▶ [Work task]: Write out exactly the lines below that run from the one containing "Proof. by move=> /walk_srcs" through the one containing "Proof. exact: big_cat. Qed.", both included, with no other lines.

BEGIN Data supplied

From HB Require Import structures.
From mathcomp Require Import all_boot all_order all_algebra.
From mathcomp Require Import boolp reals constructive_ereal ereal.
From mathcomp Require Import lra.
Set Implicit Arguments. Unset Strict Implicit. Unset Printing Implicit Defensive.
Import Order.TTheory GRing.Theory Num.Theory.

(* A linking from I onto J is encoded as a routing of the vertices outside J: each of them
   either forwards along one of its out-edges or stays put, so that the resulting hop map is
   a bijection from V \ J onto V \ iota(I). A linking yields a routing of the same weight.
   Conversely, following the hops from the sources yields a linking; the hops it does not use
   form cycles, so (measured with a potential, which exists as no cycle is negative) its
   weight is at most that of the routing. Hence mu(I, J) is the least weight of a routing.
   Routings of V \ J1 and V \ J2 with J1 <= J2 can be exchanged: from a source a of the first
   that is not a source of the second, alternately step back along the second hop map and
   forward along the first; the chain ends at a source b of the second that is not a source
   of the first, and swapping the two routings along the chain trades a for b in both source
   sets at no cost. Applied to optimal routings for mu_j(t1 + S) and mu_k(T - t1), where t1
   minimises mu_j(t + S) + mu_k(T - t), this yields a second minimiser t2. *)

Lemma uniq_map_inj_in (T1 T2 : eqType) (f : T1 -> T2) (s : seq T1) :
  uniq (map f s) -> {in s &, injective f}.
Proof.
elim: s => //= a s IH /andP[fa_notin /IH inj_s] x y.
rewrite !inE => /predU1P[->|xs] /predU1P[->|ys] // fxy.
- by move: fa_notin; rewrite fxy map_f.
- by move: fa_notin; rewrite -fxy map_f.
- exact: inj_s.
Qed.

Section Walks.
Variables (V E : finType) (src tgt : E -> V).

Lemma walk_cat x p q : is_walk src tgt x (p ++ q) =
  is_walk src tgt x p && is_walk src tgt (walk_end tgt x p) q.
Proof. by elim: p x => [|e p IH] x //=; rewrite IH andbA. Qed.

Lemma walk_end_cat x p q :
  walk_end tgt x (p ++ q) = walk_end tgt (walk_end tgt x p) q.
Proof. by rewrite /walk_end map_cat last_cat. Qed.

Lemma walk_verts_cat x p q :
  walk_verts tgt x (p ++ q) = walk_verts tgt x p ++ map tgt q.
Proof. by rewrite /walk_verts map_cat. Qed.

Lemma walk_end_rcons x p e : walk_end tgt x (rcons p e) = tgt e.
Proof. by rewrite /walk_end map_rcons last_rcons. Qed.

Lemma walk_rcons x p e : is_walk src tgt x (rcons p e) =
  is_walk src tgt x p && (src e == walk_end tgt x p).
Proof. by rewrite -cats1 walk_cat /= andbT. Qed.

Lemma walk_srcs x p :
  is_walk src tgt x p -> map src p = belast x (map tgt p).
Proof. by elim: p x => [|e p IH] x //= /andP[/eqP-> /IH->]. Qed.

Lemma walk_vertsE x p : is_walk src tgt x p ->
  walk_verts tgt x p = rcons (map src p) (walk_end tgt x p).
Proof. by move=> /walk_srcs srcsE; rewrite srcsE -lastI. Qed.

Lemma walk_start_in_verts x p : x \in walk_verts tgt x p.
Proof. exact: mem_head. Qed.

Lemma walk_end_in_verts x p : walk_end tgt x p \in walk_verts tgt x p.
Proof. exact: mem_last. Qed.

Lemma walk_tgt_in_verts x p e : e \in p -> tgt e \in walk_verts tgt x p.
Proof. by move=> ep; rewrite inE map_f ?orbT. Qed.

Lemma walk_src_in_verts x p e :
  is_walk src tgt x p -> e \in p -> src e \in walk_verts tgt x p.
Proof. by move=> wp ep; rewrite walk_vertsE // mem_rcons inE map_f ?orbT. Qed.

Lemma walk_in_verts_split x p v : is_walk src tgt x p ->
  v \in walk_verts tgt x p -> v = walk_end tgt x p \/ v \in map src p.
Proof. by move=> wp; rewrite walk_vertsE // mem_rcons inE => /predU1P. Qed.

Lemma walk_verts_split x p v : v \in walk_verts tgt x p ->
  exists p1 p2, p = p1 ++ p2 /\ walk_end tgt x p1 = v.
Proof.
elim: p x => [|e p IH] x v_in.
  by exists [::], [::]; move: v_in; rewrite inE => /eqP.
case/predU1P: v_in => [->|/IH[p1 [p2 [-> <-]]]]; first by exists [::], (e :: p).
by exists (e :: p1), p2.
Qed.

Lemma walk_weight_cat (R : realType) (w : E -> R) p q :
  (walk_weight w (p ++ q) = walk_weight w p + walk_weight w q)%R.
Proof. exact: big_cat. Qed.

Lemma walk_telescope (R : zmodType) (pi : V -> R) x p : is_walk src tgt x p ->
  (\sum_(e <- p) (pi (src e) - pi (tgt e)) = pi x - pi (walk_end tgt x p))%R.
Proof.
elim: p x => [|e p IH] x /=; first by rewrite big_nil subrr.
by case/andP=> /eqP src_e /IH; rewrite big_cons src_e => ->; rewrite addrA subrK.
Qed.

Section Paths.
Variables (x : V) (p : seq E).
Hypothesis xp : is_path src tgt x p.

Lemma path_walk : is_walk src tgt x p.
Proof. by case/andP: xp. Qed.

Lemma path_uniq : uniq (walk_verts tgt x p).
Proof. by case/andP: xp. Qed.

Lemma path_srcs_uniq : uniq (map src p).
Proof. by have := path_uniq; rewrite walk_vertsE ?path_walk // rcons_uniq => /andP[]. Qed.

Lemma path_end_notin_srcs : walk_end tgt x p \notin map src p.
Proof. by have := path_uniq; rewrite walk_vertsE ?path_walk // rcons_uniq => /andP[]. Qed.

Lemma path_tgt_neq_start e : e \in p -> tgt e != x.
Proof.
by move=> ep; have /andP[+ _] := path_uniq; apply: contraNneq => <-; apply: map_f.
Qed.

Lemma path_src_inj : {in p &, injective src}.
Proof. exact/uniq_map_inj_in/path_srcs_uniq. Qed.

Lemma path_tgt_inj : {in p &, injective tgt}.
Proof. by have /andP[_ ?] := path_uniq; apply: uniq_map_inj_in. Qed.

Lemma path_size : size p < #|V|.
Proof.
by have /card_uniqP := path_uniq; rewrite /= size_map => <-; apply: max_card.
Qed.

End Paths.

Lemma path_rcons x p e : is_path src tgt x p -> src e = walk_end tgt x p ->
  tgt e \notin walk_verts tgt x p -> is_path src tgt x (rcons p e).
Proof.
case/andP=> wp up src_e tgt_e.
by rewrite /is_path walk_rcons wp src_e eqxx /walk_verts map_rcons -rcons_cons rcons_uniq tgt_e.
Qed.

Lemma path_split_cycle x p1 p2 e : is_path src tgt x (p1 ++ p2) ->
  src e = walk_end tgt x (p1 ++ p2) -> walk_end tgt x p1 = tgt e ->
  is_path src tgt x p1 /\ is_cycle src tgt (tgt e) (rcons p2 e).
Proof.
rewrite /is_path walk_cat walk_verts_cat cat_uniq => /and3P[/andP[w1 w2] u1 /andP[dis u2]].
rewrite walk_end_cat => src_e end1; split; first by rewrite w1 u1.
rewrite /is_cycle walk_rcons -end1 w2 src_e eqxx walk_end_rcons end1 eqxx.
rewrite map_rcons rcons_uniq u2 -size_eq0 size_rcons /= andbT.
by apply: contra dis => tgt2; apply/hasP; exists (tgt e); rewrite // -end1 walk_end_in_verts.
Qed.

End Walks.

Lemma traject_prefix (T : eqType) (g : T -> T) x i m : i <= m ->
  {subset traject g x i <= traject g x m}.
Proof. by move=> le_im u; rewrite -(take_traject _ _ le_im) => /mem_take. Qed.

Lemma map_traject (T : Type) (g : T -> T) x m :
  map g (traject g x m) = traject g (g x) m.
Proof. by elim: m x => //= m IH x; rewrite IH. Qed.

Section InjectiveIterates.
Variables (T : finType) (D : {set T}) (g : T -> T).
Hypothesis g_inj : {in D &, injective g}.

Lemma iter_in_inj x y i j : x \notin g @: D -> y \notin g @: D ->
  {subset traject g x i <= D} -> {subset traject g y j <= D} ->
  iter i g x = iter j g y -> x = y /\ i = j.
Proof.
have last_in z k : {subset traject g z k.+1 <= D} -> iter k g z \in D.
  by apply; apply/trajectP; exists k.
move=> xD yD; elim: i j => [|i IH] [|j] /= sx sy; first by move->.
- by move=> xE; case/imsetP: xD; exists (iter j g y); rewrite ?last_in.
- by move=> yE; case/imsetP: yD; exists (iter i g x); rewrite ?last_in.
have prefix z k : {subset traject g z k.+1 <= D} -> {subset traject g z k <= D}.
  by move=> sub u /(traject_prefix (leqnSn _))/sub.
move/g_inj => /(_ (last_in _ _ sx) (last_in _ _ sy)).
by case/(IH j (prefix _ _ sx) (prefix _ _ sy)) => -> ->.
Qed.

Lemma uniq_traject_in x m : x \notin g @: D -> {subset traject g x m <= D} ->
  uniq (traject g x m.+1).
Proof.
move=> xD sub; rewrite looping_uniq; apply/negP => /trajectP[i lt_im iterE].
have subi : {subset traject g x i <= D}.
  by move=> u /(traject_prefix (ltnW lt_im))/sub.
by have [_ eq_mi] := iter_in_inj xD xD sub subi iterE; rewrite eq_mi ltnn in lt_im.
Qed.
Lemma in_four_orbits_f a : in_four_orbits a -> in_four_orbits (f a).
Proof.
case/or4P => /fconnect_g3 [] ->; apply/or4P.
- have -> : f d = g (f (f (g d))) by fg_normal.
  by apply: Or43; apply: fconnect1.
- have -> : f (g d) = g (g (f (g (f d)))) by fg_normal.
  by apply: Or44; apply: (fconnect_iter g 2).
- have -> : f (g (g d)) = g (f (f d)) by fg_normal.
  by apply: Or42; apply: fconnect1.
- have -> : f (f (f d)) = d by fg_normal.
  by apply: Or41; apply: connect0.
- have -> : f (g (f (f d))) = g (f (g (f d))) by fg_normal.
  by apply: Or44; apply: fconnect1.
- have -> : f (g (g (f (f d)))) = g (g (f (f (g d)))) by fg_normal.
  by apply: Or43; apply: (fconnect_iter g 2).
- have -> : f (f (f (g d))) = g d by fg_normal.
  by apply: Or41; apply: fconnect1.
- have -> : f (g (f (f (g d)))) = f (f d) by fg_normal.
  by apply: Or42; apply: connect0.
- have -> : f (g (g (f (f (g d))))) = f (g (f d)) by fg_normal.
  by apply: Or44; apply: connect0.
- have -> : f (f (g (f d))) = g (g (f (f d))) by fg_normal.
  by apply: Or42; apply: (fconnect_iter g 2).
- have -> : f (g (f (g (f d)))) = g (g d) by fg_normal.
  by apply: Or41; apply: (fconnect_iter g 2).
- have -> : f (g (g (f (g (f d))))) = f (f (g d)) by fg_normal.
  by apply: Or43; apply: connect0.
Qed.

(* The four orbits are closed under f and g, hence contain every arrow by connectivity. *)
Lemma in_four_orbits_all a : in_four_orbits a.
Proof.
pose out_in v := forall a, s a = v -> in_four_orbits a.
have out_closed b : in_four_orbits b -> out_in (t b).
  move=> Sb a' sa'; have : a' \in [set f b; g b] by rewrite fg_out inE sa'.
  by rewrite !inE => /orP[] /eqP ->; [apply: in_four_orbits_f | apply: in_four_orbits_g].
have out_sd : out_in (s d).
  rewrite -t_ff; apply: out_closed.
  by apply/or4P; apply: Or42; apply: connect0.
have adj_out v w : quiver_adj s t v w -> out_in v -> out_in w.
  move=> /existsP[b /orP[] /andP[/eqP sb /eqP tb]] out_v.
    by rewrite -tb; apply: out_closed; apply: out_v.
  rewrite -sb -t_ff; apply: out_closed.
  by apply/in_four_orbits_f/out_v; rewrite s_f.
case/connectP: (connected (s d) (s a)) => p.
elim: p (s d) out_sd => [|w p IHp] v out_v /= => [_ sa | /andP[vw pw] sa].
  by apply: out_v; rewrite sa.
exact: IHp (adj_out _ _ vw out_v) pw sa.
Qed.

(* An equation between two words in f, g applied to d is refuted by applying
   the word [w] to both sides, normalizing, and invoking [w_neq_id]. *)
Local Ltac refute_word w w_neq_id :=
  let E := fresh in let E' := fresh in
  move=> E; have := congr1 w E; rewrite /=; fg_normal => E';
  by move: (w_neq_id d); rewrite -E' eqxx.

Local Ltac not_g_connected w1 n1 w2 n2 w3 n3 :=
  apply/negP => /fconnect_g3 [];
  [refute_word w1 n1 | refute_word w2 n2 | refute_word w3 n3].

END Data supplied

▶ [Answer to the exercise]:
Proof. by move=> /walk_srcs srcsE; rewrite srcsE -lastI. Qed.

Lemma walk_start_in_verts x p : x \in walk_verts tgt x p.
Proof. exact: mem_head. Qed.

Lemma walk_end_in_verts x p : walk_end tgt x p \in walk_verts tgt x p.
Proof. exact: mem_last. Qed.

Lemma walk_tgt_in_verts x p e : e \in p -> tgt e \in walk_verts tgt x p.
Proof. by move=> ep; rewrite inE map_f ?orbT. Qed.

Lemma walk_src_in_verts x p e :
  is_walk src tgt x p -> e \in p -> src e \in walk_verts tgt x p.
Proof. by move=> wp ep; rewrite walk_vertsE // mem_rcons inE map_f ?orbT. Qed.

Lemma walk_in_verts_split x p v : is_walk src tgt x p ->
  v \in walk_verts tgt x p -> v = walk_end tgt x p \/ v \in map src p.
Proof. by move=> wp; rewrite walk_vertsE // mem_rcons inE => /predU1P. Qed.

Lemma walk_verts_split x p v : v \in walk_verts tgt x p ->
  exists p1 p2, p = p1 ++ p2 /\ walk_end tgt x p1 = v.
Proof.
elim: p x => [|e p IH] x v_in.
  by exists [::], [::]; move: v_in; rewrite inE => /eqP.
case/predU1P: v_in => [->|/IH[p1 [p2 [-> <-]]]]; first by exists [::], (e :: p).
by exists (e :: p1), p2.
Qed.

Lemma walk_weight_cat (R : realType) (w : E -> R) p q :
  (walk_weight w (p ++ q) = walk_weight w p + walk_weight w q)%R.
Proof. exact: big_cat. Qed.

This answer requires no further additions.